ASSIGNMENT:
The listing below holds a line with "have mlt := measurable_natr_bool" and a later line with "under eq_integral do rewrite (rank_at_quantile". Write out those two lines and every line between them, exactly, and nothing else.

GIVEN DATA:
Lemma measurable_rank_set x a l :
  measurable [set u : R | (0 <= u <= 1) /\ a - u * (a - l) <= x].
Proof.
apply: measurableI; last first.
  apply: measurable_level_le; apply: measurable_funB => //.
  exact: measurable_funM.
by apply/measurable_set_bool/measurable_and; exact: measurable_fun_ler.
Qed.

Lemma rank_prob_ge0 x a l : l <= a -> 0 <= rank_prob x a l.
Proof. by move=> la; rewrite -lee_fin -lebesgue_measure_rank_set. Qed.

Lemma rank_prob_le1 x a l : l <= a -> rank_prob x a l <= 1.
Proof.
move=> la; rewrite /rank_prob; case: ifPn => [//|]; rewrite -ltNge => xa.
case: ifPn => [lx|_]; last exact: ler01.
by rewrite ler_pdivrMr ?mul1r ?lerD2r ?ltW // subr_gt0 (lt_trans lx xa).
Qed.

Lemma rank_prob_nonincreasing x a l a' l' : l <= a -> l' <= a' -> a <= a' -> l <= l' ->
  rank_prob x a' l' <= rank_prob x a l.
Proof.
move=> la la' aa' ll'; rewrite -lee_fin -!lebesgue_measure_rank_set //.
apply: le_measure; rewrite ?inE; try exact: measurable_rank_set.
move=> u /= [/[dup] /andP[u0 u1] -> h]; split => //; nra.
Qed.

End rank_prob.

Section distribution_function.
Context {d} {T : measurableType d} {R : realType}.
Variable W : {measure set T -> \bar R}.
Hypothesis W1 : W setT = 1%E.
Variable g : T -> R.
Hypothesis mg : measurable_fun setT g.

Definition cdf_le s := fine (W [set t | g t <= s]).
Definition cdf_lt s := fine (W [set t | g t < s]).

Let W_fin : (W setT < +oo)%E. Proof. by rewrite W1 ltey. Qed.

Let measure_fin_num A : measurable A -> W A \is a fin_num.
Proof.
by move=> mA; rewrite ge0_fin_numE // (le_lt_trans _ W_fin) // le_measure ?inE.
Qed.

Lemma cdf_leE s : W [set t | g t <= s] = (cdf_le s)%:E.
Proof. by rewrite fineK // measure_fin_num //; exact: measurable_level_le. Qed.

Lemma cdf_ltE s : W [set t | g t < s] = (cdf_lt s)%:E.
Proof. by rewrite fineK // measure_fin_num //; exact: measurable_level_lt. Qed.

Lemma measure_level_eqE s : W [set t | g t == s] = (cdf_le s - cdf_lt s)%:E.
Proof.
have := measure_level_le_split mg W s.
rewrite cdf_leE cdf_ltE -(fineK (measure_fin_num _ (measurable_level_eq mg s))).
by rewrite -EFinD => -[->]; rewrite addrC addKr.
Qed.

Lemma cdf_le_ge0 s : 0 <= cdf_le s.
Proof. exact/fine_ge0/measure_ge0. Qed.

Lemma cdf_le_le1 s : cdf_le s <= 1.
Proof.
by rewrite -lee_fin -cdf_leE -W1 le_measure ?inE //; exact: measurable_level_le.
Qed.

Lemma cdf_lt_ge0 s : 0 <= cdf_lt s.
Proof. exact/fine_ge0/measure_ge0. Qed.

Lemma cdf_le_nondecreasing : {homo cdf_le : s s' / s <= s'}.
Proof.
move=> s s' ss'; rewrite -lee_fin -!cdf_leE le_measure ?inE //.
- exact: measurable_level_le.
- exact: measurable_level_le.
- by move=> t /= /le_trans; apply.
Qed.

Lemma cdf_lt_le_cdf_le s : cdf_lt s <= cdf_le s.
Proof.
rewrite -lee_fin -cdf_leE -cdf_ltE le_measure ?inE //.
- exact: measurable_level_lt.
- exact: measurable_level_le.
- by move=> t /= /ltW.
Qed.

Lemma cdf_le_le_cdf_lt s s' : s < s' -> cdf_le s <= cdf_lt s'.
Proof.
move=> ss'; rewrite -lee_fin -cdf_leE -cdf_ltE le_measure ?inE //.
- exact: measurable_level_le.
- exact: measurable_level_lt.
- by move=> t /= /le_lt_trans; apply.
Qed.

Lemma cdf_lt_nondecreasing : {homo cdf_lt : s s' / s <= s'}.
Proof.
move=> s s'; rewrite le_eqVlt => /predU1P[<-//|ss'].
exact: le_trans (cdf_lt_le_cdf_le s) (cdf_le_le_cdf_lt _ _ ss').
Qed.

Lemma exists_cdf_le_gt x : x < 1 -> exists s, x < cdf_le s.
Proof.
move=> x1; have [//|/forallNP Fx] := pselect (exists s, x < cdf_le s).
have := cvg_measure_level_setT mg W; rewrite W1 => W_cvg.
have : (1 <= x%:E)%E.
  rewrite -(cvg_lim _ W_cvg) //; apply: lime_le; first by apply/cvg_ex; exists 1%E.
  by apply: nearW => n; rewrite cdf_leE lee_fin leNgt; apply/negP; exact: Fx.
by rewrite lee_fin leNgt x1.
Qed.

Lemma exists_cdf_le_lt x : 0 < x -> exists s, cdf_le s < x.
Proof.
move=> x0; have [//|/forallNP Fx] := pselect (exists s, cdf_le s < x).
have W_cvg := cvg_measure_level_0 mg W W_fin.
have : (x%:E <= 0)%E.
  rewrite -(cvg_lim _ W_cvg) //; apply: lime_ge; first by apply/cvg_ex; exists 0%E.
  by apply: nearW => n; rewrite cdf_leE lee_fin leNgt; apply/negP; exact: Fx.
by rewrite lee_fin leNgt x0.
Qed.

Lemma cdf_lt_le x s0 : (forall s, s < s0 -> cdf_le s <= x) -> cdf_lt s0 <= x.
Proof.
move=> Fx; have W_cvg := cvg_measure_level_lt mg W s0.
rewrite -lee_fin -cdf_ltE -(cvg_lim _ W_cvg) //.
apply: lime_le; first by apply/cvg_ex; eexists; exact: W_cvg.
by apply: nearW => n; rewrite cdf_leE lee_fin Fx // ltrBlDr ltrDl invr_gt0.
Qed.

Lemma cdf_le_ge x s0 : (forall s, s0 < s -> x <= cdf_le s) -> x <= cdf_le s0.
Proof.
move=> Fx; have W_cvg := cvg_measure_level_le mg W s0 W_fin.
rewrite -lee_fin -cdf_leE -(cvg_lim _ W_cvg) //.
apply: lime_ge; first by apply/cvg_ex; eexists; exact: W_cvg.
by apply: nearW => n; rewrite cdf_leE lee_fin Fx // ltrDl invr_gt0.
Qed.

Lemma cdf_le_quantile x : x < 1 -> (exists s, cdf_le s <= x) ->
  exists s0, (forall s, s < s0 -> cdf_le s <= x) /\ (forall s, s0 < s -> x < cdf_le s).
Proof.
move=> x1 [s1 Fs1]; have [n xFn] := exists_cdf_le_gt _ x1.
pose S := [set s | cdf_le s <= x].
have S_sup : has_sup S.
  split; first by exists s1.
  exists n => s Fs; rewrite leNgt; apply/negP => ns.
  by move: (cdf_le_nondecreasing _ _ (ltW ns)); rewrite leNgt (le_lt_trans Fs xFn).
exists (sup S); split => s.
  move=> /(sup_gt (S_sup.1))[s' Fs' ss'].
  exact: le_trans (cdf_le_nondecreasing _ _ (ltW ss')) Fs'.
by move=> Ss; rewrite ltNge; apply/negP => /(sup_upper_bound S_sup); rewrite leNgt Ss.
Qed.

Definition rank_at x s := rank_prob x (cdf_le s) (cdf_lt s).

Lemma rank_at_ge0 x s : 0 <= rank_at x s.
Proof. exact/rank_prob_ge0/cdf_lt_le_cdf_le. Qed.

Lemma rank_at_le1 x s : rank_at x s <= 1.
Proof. exact/rank_prob_le1/cdf_lt_le_cdf_le. Qed.

Lemma rank_at_nonincreasing x : {homo rank_at x : s s' / s <= s' >-> s' <= s}.
Proof.
move=> s s' ss'; apply: rank_prob_nonincreasing; try exact: cdf_lt_le_cdf_le.
  exact: cdf_le_nondecreasing.
exact: cdf_lt_nondecreasing.
Qed.

Lemma measurable_rank_at x : measurable_fun setT (rank_at x).
Proof. by apply: nonincreasing_measurable => //; exact: rank_at_nonincreasing. Qed.

Section quantile.
Context {x s0 : R}.
Hypothesis F_le : forall s, s < s0 -> cdf_le s <= x.
Hypothesis F_gt : forall s, s0 < s -> x < cdf_le s.

Lemma rank_at_quantile s :
  rank_at x s = (s < s0)%R%:R + rank_at x s0 * (s == s0)%:R.
Proof.
case: (ltgtP s s0) => [ss0|s0s|->]; rewrite ?mulr0 ?addr0 ?mulr1 ?add0r //.
  exact/rank_prob_eq1/F_le.
have [s0m ms] := midf_lt s0s; apply: rank_prob_eq0; first exact: F_gt.
exact: ltW (lt_le_trans (F_gt _ s0m) (cdf_le_le_cdf_lt _ _ ms)).
Qed.

Lemma rank_at_quantile_interp :
  cdf_lt s0 + rank_at x s0 * (cdf_le s0 - cdf_lt s0) = x.
Proof.
apply: rank_prob_interp; rewrite cdf_lt_le //=.
by apply: cdf_le_ge => s /F_gt /ltW.
Qed.

End quantile.

Variable mu : {measure set T -> \bar R}.
Variable p : T -> R.
Hypotheses (p0 : forall t, 0 <= p t) (mp : measurable_fun setT p).
Local Notation P := (density_measure mu p0 mp).

Let measurable_rank_integrand x :
  measurable_fun setT (fun t => ((p t)%:E * (rank_at x (g t))%:E)%E).
Proof.
apply: emeasurable_funM; apply/measurable_EFinP => //.
exact: measurableT_comp (measurable_rank_at x) mg.
Qed.

Lemma integral_level_step s0 c : 0 <= c ->
  (\int[mu]_t ((p t)%:E * ((g t < s0)%R%:R + c * (g t == s0)%:R)%:E) =
   P [set t | (g t < s0)%R] + c%:E * P [set t | g t == s0])%E.
Proof.
move=> c0.
have mlt := measurable_natr_bool (measurable_fun_ltr mg (measurable_cst s0)).
have meq := measurable_natr_bool (measurable_fun_eqr mg (measurable_cst s0)).
rewrite (eq_integral (fun t => (((g t < s0)%R%:R * p t)%:E +
    c%:E * ((g t == s0)%:R * p t)%:E)%E)); last first.
  by move=> t _; rewrite -!EFinM -EFinD; congr (_%:E); ring.
rewrite ge0_integralD //; last 4 first.
- by move=> t _; rewrite lee_fin mulr_ge0.
- exact/measurable_EFinP/measurable_funM.
- by move=> t _; rewrite mule_ge0 // lee_fin mulr_ge0.
- exact/measurable_funeM/measurable_EFinP/measurable_funM.
rewrite ge0_integralZl_EFin //; last 2 first.
- by move=> t _; rewrite lee_fin mulr_ge0.
- exact/measurable_EFinP/measurable_funM.
by rewrite !integral_indic_density.
Qed.

Lemma integral_rank_at x :
  (forall s, P [set t | g t <= s] = W [set t | g t <= s]) -> 0 <= x <= 1 ->
  (\int[mu]_t ((p t)%:E * (rank_at x (g t))%:E) = x%:E)%E.
Proof.
move=> PW /andP[x0 x1]; have [->|x_neq1] := eqVneq x 1.
  have rank1 s : rank_at 1 s = 1 by exact/rank_prob_eq1/cdf_le_le1.
  under eq_integral do rewrite rank1 mule1.
  by rewrite -[LHS]/(P setT) (eq_measure_level_setT mg PW) W1.
have x_lt1 : x < 1 by rewrite lt_neqAle x_neq1.
have [Fx|/forallNP Fx] := pselect (exists s, cdf_le s <= x); last first.
  have {x0}x0 : x = 0.
    apply/eqP; rewrite eq_le x0 andbT leNgt; apply/negP.
    by move=> /exists_cdf_le_lt[s /ltW]; exact: Fx.
  have rank0 s : rank_at x s = 0.
    by apply: rank_prob_eq0; [rewrite ltNge; exact/negP/Fx|rewrite x0 cdf_lt_ge0].
  by under eq_integral do rewrite rank0 mule0; rewrite integral0 x0.
have [s0 [F_le F_gt]] := cdf_le_quantile _ x_lt1 Fx.
under eq_integral do rewrite (rank_at_quantile F_le F_gt).
rewrite integral_level_step ?rank_at_ge0 // (eq_measure_level_lt mg PW).
rewrite (eq_measure_level_eq mg PW _ W_fin) cdf_ltE measure_level_eqE.
by rewrite -EFinM -EFinD rank_at_quantile_interp.
Qed.

Lemma cdf_eq_of_integral_rank_at :
  (forall x, 0 <= x <= 1 -> (\int[mu]_t ((p t)%:E * (rank_at x (g t))%:E) = x%:E)%E) ->
  forall s, P [set t | g t <= s] = W [set t | g t <= s].
Proof.
move=> q_id s; rewrite cdf_leE.
have m_le : measurable_fun setT (fun t => ((g t <= s)%R%:R * p t)%:E).
  exact/measurable_EFinP/measurable_funM/mp/measurable_natr_bool/measurable_fun_ler.
have P_le : (P [set t | (g t <= s)%R] <= (cdf_le s)%:E)%E.
  rewrite -[leRHS](q_id (cdf_le s)) ?cdf_le_ge0 ?cdf_le_le1 //.
  rewrite -integral_indic_density; apply: ge0_le_integral => //.
  - by move=> t _; rewrite lee_fin mulr_ge0.
  move=> t _; rewrite -EFinM lee_fin; have [gts|sgt] := leP (g t) s.
    by rewrite mul1r [rank_at _ _]rank_prob_eq1 ?mulr1 // cdf_le_nondecreasing.
  by rewrite mul0r mulr_ge0 ?rank_at_ge0.
have le_P x : x < cdf_le s -> (x%:E <= P [set t | (g t <= s)%R])%E.
  move=> xF; have [x_lt0|x_ge0] := ltP x 0.
    by rewrite (le_trans _ (measure_ge0 _ _)) // lee_fin ltW.
  rewrite -(q_id x); last by rewrite x_ge0 (le_trans (ltW xF)) ?cdf_le_le1.
  rewrite -integral_indic_density; apply: ge0_le_integral => //.
  - by move=> t _; rewrite -EFinM lee_fin mulr_ge0 ?rank_at_ge0.
  move=> t _; rewrite -EFinM lee_fin; have [gts|sgt] := leP (g t) s.
    by rewrite mul1r ler_piMr // rank_at_le1.
  rewrite mul0r [rank_at _ _]rank_prob_eq0 ?mulr0 //.
    exact: lt_le_trans xF (cdf_le_nondecreasing _ _ (ltW sgt)).
  exact: ltW (lt_le_trans xF (cdf_le_le_cdf_lt _ _ sgt)).
apply/eqP; rewrite eq_le P_le /=; apply/lee_subgt0Pr => e e0.
by rewrite -EFinB le_P // ltrBlDr ltrDl.
Qed.

End distribution_function.

Section posterior.
Context {R : realType} {d1 d2} {Th : measurableType d1} {Y : measurableType d2}.
Variable mu : {measure set Th -> \bar R}.
Context {prior : Th -> R} {obs : Y -> Th -> R}.

Lemma post_ge0 : (forall th, 0 <= prior th) -> (forall y th, 0 <= obs y th) ->
  forall th y, 0 <= post mu prior obs th y.
Proof.
move=> prior0 obs0 th y; rewrite divr_ge0 ?mulr_ge0 // fine_ge0 //.
by apply: integral_ge0 => t _; rewrite lee_fin mulr_ge0.
Qed.

Lemma measurable_post : measurable_fun setT prior ->
  measurable_fun setT (fun z : Y * Th => obs z.1 z.2) ->
  forall y, measurable_fun setT (post mu prior obs ^~ y).
Proof.
move=> mprior mobs y; apply: measurable_funM => //; apply: measurable_funM => //.
exact: (measurable_fun_pair2 (f := fun z : Y * Th => obs z.1 z.2)).
Qed.

End posterior.

Section posterior_family.
Context {R : realType} {d1 d2} {Th : measurableType d1} {Y : measurableType d2}.
Variable mu : {measure set Th -> \bar R}.
Variables (phi f : Th -> Y -> R) (y : Y).
Hypotheses (phi0 : forall th, 0 <= phi th y) (mphi : measurable_fun setT (phi ^~ y)).
Local Notation W := (density_measure mu phi0 mphi).

Lemma fitted_cdfE s : fitted_cdf mu phi f s y = W [set t | f t y <= s].
Proof. exact: integral_indic_density. Qed.

Lemma tie_probE s : tie_prob mu phi f s y = W [set t | f t y == s].
Proof. exact: integral_indic_density. Qed.

Hypotheses (W1 : W setT = 1%E) (mf : measurable_fun setT (f ^~ y)).

Lemma rank_cdfE x t : rank_cdf mu phi f x t y = (rank_at W (f ^~ y) x (f t y))%:E.
Proof.
rewrite /rank_cdf fitted_cdfE tie_probE (measure_level_eqE _ W1 _ mf) /=.
exact/lebesgue_measure_rank_set/cdf_lt_le_cdf_le.
Qed.

End posterior_family.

ANSWER SECTION:
have mlt := measurable_natr_bool (measurable_fun_ltr mg (measurable_cst s0)).
have meq := measurable_natr_bool (measurable_fun_eqr mg (measurable_cst s0)).
rewrite (eq_integral (fun t => (((g t < s0)%R%:R * p t)%:E +
    c%:E * ((g t == s0)%:R * p t)%:E)%E)); last first.
  by move=> t _; rewrite -!EFinM -EFinD; congr (_%:E); ring.
rewrite ge0_integralD //; last 4 first.
- by move=> t _; rewrite lee_fin mulr_ge0.
- exact/measurable_EFinP/measurable_funM.
- by move=> t _; rewrite mule_ge0 // lee_fin mulr_ge0.
- exact/measurable_funeM/measurable_EFinP/measurable_funM.
rewrite ge0_integralZl_EFin //; last 2 first.
- by move=> t _; rewrite lee_fin mulr_ge0.
- exact/measurable_EFinP/measurable_funM.
by rewrite !integral_indic_density.
Qed.

Lemma integral_rank_at x :
  (forall s, P [set t | g t <= s] = W [set t | g t <= s]) -> 0 <= x <= 1 ->
  (\int[mu]_t ((p t)%:E * (rank_at x (g t))%:E) = x%:E)%E.
Proof.
move=> PW /andP[x0 x1]; have [->|x_neq1] := eqVneq x 1.
  have rank1 s : rank_at 1 s = 1 by exact/rank_prob_eq1/cdf_le_le1.
  under eq_integral do rewrite rank1 mule1.
  by rewrite -[LHS]/(P setT) (eq_measure_level_setT mg PW) W1.
have x_lt1 : x < 1 by rewrite lt_neqAle x_neq1.
have [Fx|/forallNP Fx] := pselect (exists s, cdf_le s <= x); last first.
  have {x0}x0 : x = 0.
    apply/eqP; rewrite eq_le x0 andbT leNgt; apply/negP.
    by move=> /exists_cdf_le_lt[s /ltW]; exact: Fx.
  have rank0 s : rank_at x s = 0.
    by apply: rank_prob_eq0; [rewrite ltNge; exact/negP/Fx|rewrite x0 cdf_lt_ge0].
  by under eq_integral do rewrite rank0 mule0; rewrite integral0 x0.
have [s0 [F_le F_gt]] := cdf_le_quantile _ x_lt1 Fx.
under eq_integral do rewrite (rank_at_quantile F_le F_gt).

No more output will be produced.